The OpenEye, Cadence Molecular Sciences Machine Learning Model Building Floes Package builds machine learning (ML) models that predict the properties of small molecules.

Arthur Samuel, an early pioneer in artificial intelligence, defined machine learning as “the ability of computers to learn without being explicitly programmed.” Machine learning develops algorithms and statistical models to allow computers to learn from input data and improve performance through experience with that data. There are three types of machine learning: supervised learning, unsupervised learning, and reinforcement learning. OpenEye algorithms fall under the category of supervised learning.

The applications of neural networks in cheminformatics and small molecules are largely exploratory, in part because chemists have been skeptical about the predictions of an ambiguous black box system. With the rapid growth of artificial intelligence, a demand for straightforward and explainable machine learning systems that address property prediction of small molecules has grown over the years, and OpenEye addresses that need in this package.

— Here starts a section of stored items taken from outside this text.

Lemma forward_attracted k ki e : incr_bij k ki -> inI e -> e < k e ->
  exists L, right_end (supp_comp k e) e L /\
    forall P : R -> Prop, (forall y, supp_comp k e y -> P y -> P (k y)) ->
    forall t d, supp_comp k e t -> P t -> 0 < d ->
    exists t', supp_comp k e t' /\ P t' /\ L - d < t'.
Proof.
  intros B Ie He. pose proof B as (Mk & _ & Ik & _ & _).
  destruct (increasing_orbit_limit k ki e B Ie He) as (L & IL & kL & below & Hcv).
  assert (Ce : supp_comp k e e) by (apply supp_comp_refl; split; [exact Ie | lra]).
  assert (Corbit : forall n, supp_comp k e (Nat.iter n k e)).
  { intros n. apply (Nat.iter_invariant n R k (supp_comp k e)); [|exact Ce].
    intros y. exact (supp_comp_app k ki e y B). }
  assert (approx : forall d, 0 < d -> exists n, L - d < Nat.iter n k e).
  { intros d Hd. destruct (Hcv d Hd) as [N HN]. exists N. specialize (HN N (le_n N)).
    unfold Rdist in HN. apply Rabs_def2 in HN. lra. }
  exists L. split; [split; [exact (below O) | split; [exact (proj2 IL) | split]]|].
  - intros t Ct. apply Rnot_le_lt. intros HLt. pose proof (below O) as HeL. simpl in HeL.
    destruct (Ct L ltac:(lra)) as [_ N]. exact (N kL).
  - intros t Ht. destruct (approx (L - t) ltac:(lra)) as [n Hn].
    apply (supp_comp_between k e (Nat.iter n k e)); [exact (Corbit n) | lra].
  - intros P HP t d Ct Pt Hd.
    destruct (iter_reaches_start k ki e t B Ie He Ct) as [m Hm].
    destruct (approx d Hd) as [n Hn].
    destruct (Nat.iter_invariant (n + m) R k (fun y => supp_comp k e y /\ P y)
                (fun y CPy => conj (supp_comp_app k ki e y B (proj1 CPy))
                                   (HP y (proj1 CPy) (proj2 CPy)))
                t (conj Ct Pt)) as [Cw Pw].
    exists (Nat.iter (n + m) k t). split; [exact Cw | split; [exact Pw|]].
    rewrite Nat.iter_add.
    pose proof (iter_increasing_le k n e (Nat.iter m k t) Mk Ik Ie
                  (iter_maps_I k m t Ik (supp_comp_inI k e t Ct)) Hm).
    lra.
Qed.

Lemma supp_comp_attracted k ki e : incr_bij k ki -> Supp k e ->
  exists L, right_end (supp_comp k e) e L /\
    forall P : R -> Prop, (forall y, supp_comp k e y -> P y -> P (k y) /\ P (ki y)) ->
    forall t d, supp_comp k e t -> P t -> 0 < d ->
    exists t', supp_comp k e t' /\ P t' /\ L - d < t'.
Proof.
  intros B [Ie Ne]. pose proof B as (_ & Mki & Ik & _ & Inv).
  destruct (Rlt_or_le e (k e)) as [Hup | Hdown].
  - destruct (forward_attracted k ki e B Ie Hup) as (L & RE & Hattr).
    exists L. split; [exact RE|]. intros P HP. apply Hattr.
    intros y Cy Py. exact (proj1 (HP y Cy Py)).
  - assert (Hup : e < ki e) by (rewrite <- (proj1 (Inv e Ie)) at 1; apply Mki; auto; lra).
    destruct (forward_attracted ki k e (incr_bij_sym k ki B) Ie Hup) as (L & RE & Hattr).
    rewrite (supp_comp_inv k ki e B) in RE, Hattr.
    exists L. split; [exact RE|]. intros P HP. apply Hattr.
    intros y Cy Py. exact (proj2 (HP y Cy Py)).
Qed.

(* A point where u and v differ would be carried arbitrarily close to L by powers of k. *)
Lemma commuting_agree k ki e L u v : incr_bij k ki -> Supp k e ->
  right_end (supp_comp k e) e L -> maps_I u -> maps_I v ->
  commutes_on (supp_comp k e) u k -> commutes_on (supp_comp k e) v k ->
  forall d, 0 < d -> (forall t, L - d < t < L -> u t = v t) ->
  forall t, supp_comp k e t -> u t = v t.
Proof.
  intros B Se RE Iu Iv Cu Cv d Hd Hnear t Ct.
  pose proof B as (Mk & Mki & Ik & Iki & _).
  destruct (supp_comp_attracted k ki e B Se) as (L' & RE' & Hattr).
  rewrite <- (right_end_unique _ _ _ _ RE RE') in Hattr.
  apply NNPP. intros Nt.
  assert (Hdiff : forall y, supp_comp k e y -> u y <> v y ->
                    u (k y) <> v (k y) /\ u (ki y) <> v (ki y)).
  { intros y Cy N. pose proof (supp_comp_inI k e y Cy) as Iy. split; intros E; apply N.
    - rewrite (Cu y Cy), (Cv y Cy) in E. apply (increasing_I_inj k); auto.
    - rewrite (commutes_on_inv k ki e u B Iu Cu y Cy),
              (commutes_on_inv k ki e v B Iv Cv y Cy) in E.
      apply (increasing_I_inj ki); auto. }
  destruct (Hattr (fun y => u y <> v y) Hdiff t d Ct Nt Hd) as (t' & Ct' & N' & Ht').
  apply N', Hnear. split; [exact Ht'|]. destruct RE as (_ & _ & out & _). apply out, Ct'.
Qed.
Lemma mu_profile_spec A b tau T : 0 < A -> 0 < b -> 0 < tau -> tau < T ->
  let mu := mu_profile A b tau in
    (forall t, 0 <= t <= T -> 0 < mu t <= 1) /\
    (forall t, 0 <= t <= T -> forall eps, eps > 0 -> exists delta, delta > 0 /\
       forall s, 0 <= s <= T -> Rabs (s - t) < delta -> Rabs (mu s - mu t) < eps) /\
    mu 0 = 1 /\
    (forall s t, 0 <= s -> s < t -> t <= tau -> mu t < mu s) /\
    (forall s t, tau <= s -> s < t -> t <= T -> mu s < mu t) /\
    mu T < 1.
Proof.
  intros HA Hb Ht HT mu. apply Rlt_le in HA as HA'.
  destruct (decay_rate_spec A b tau HA' Hb Ht) as [Hc [_ Hct]].
  set (c := decay_rate A b tau) in *.
  assert (Hct0 : 0 < c * tau) by nra.
  assert (Early : forall s, 0 <= s <= tau -> mu s = 1 - c * s) by (apply mu_profile_early; auto).
  assert (Late : forall s, tau <= s -> mu s = 1 - c * tau * exp (- A * (s - tau)))
    by (apply mu_profile_late; auto).
  assert (Hexp : forall s, tau <= s -> 0 < exp (- A * (s - tau)) <= 1).
  { intros s Hs. split; [apply exp_pos|rewrite <- exp_0; apply exp_le_exp; nra]. }
  split; [|split; [|split; [|split; [|split]]]].
  - intros t Htt. destruct (Rle_lt_dec t tau).
    + rewrite Early by lra. assert (c * t <= c * tau) by (apply Rmult_le_compat_l; lra). nra.
    + rewrite Late by lra. specialize (Hexp t ltac:(lra)).
      assert (c * tau * exp (- A * (t - tau)) <= c * tau) by nra. nra.
  - apply mu_profile_cont; auto.
  - rewrite Early by lra. ring.
  - intros s t Hs Hst Htt. rewrite !Early by lra.
    assert (c * s < c * t) by (apply Rmult_lt_compat_l; lra). lra.
  - intros s t Hs Hst Htt. rewrite !Late by lra.
    assert (exp (- A * (t - tau)) < exp (- A * (s - tau))) by (apply exp_increasing; nra).
    nra.
  - rewrite Late by lra. specialize (Hexp T ltac:(lra)). nra.
Qed.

OpenEye, Cadence Molecular Sciences is a software company grounded firmly in science-based computations for small molecule drug discovery. We want to use machine learning as a tool to further this mission. But we are skeptics who are steadfast about science, not hype. To quote George Box: “All models are wrong, but some are useful.” Therefore, we try to ensure that the ML models built using our package include the following features:

No Black Box Model
- We use explainers to decode what a model predicts.
- We help chemists and data scientists debug the trained models.
Confidence and Domain of Applicability Awareness
- We use techniques such as the convex box approach and Monte Carlo dropout to give reliable confidence intervals.
Scalability for General Use Cases
- We use neural networks for our models; the advantage is that the size of the model extends from a simple perceptron to a deep neural network, hence making it flexible enough to tackle any datasize.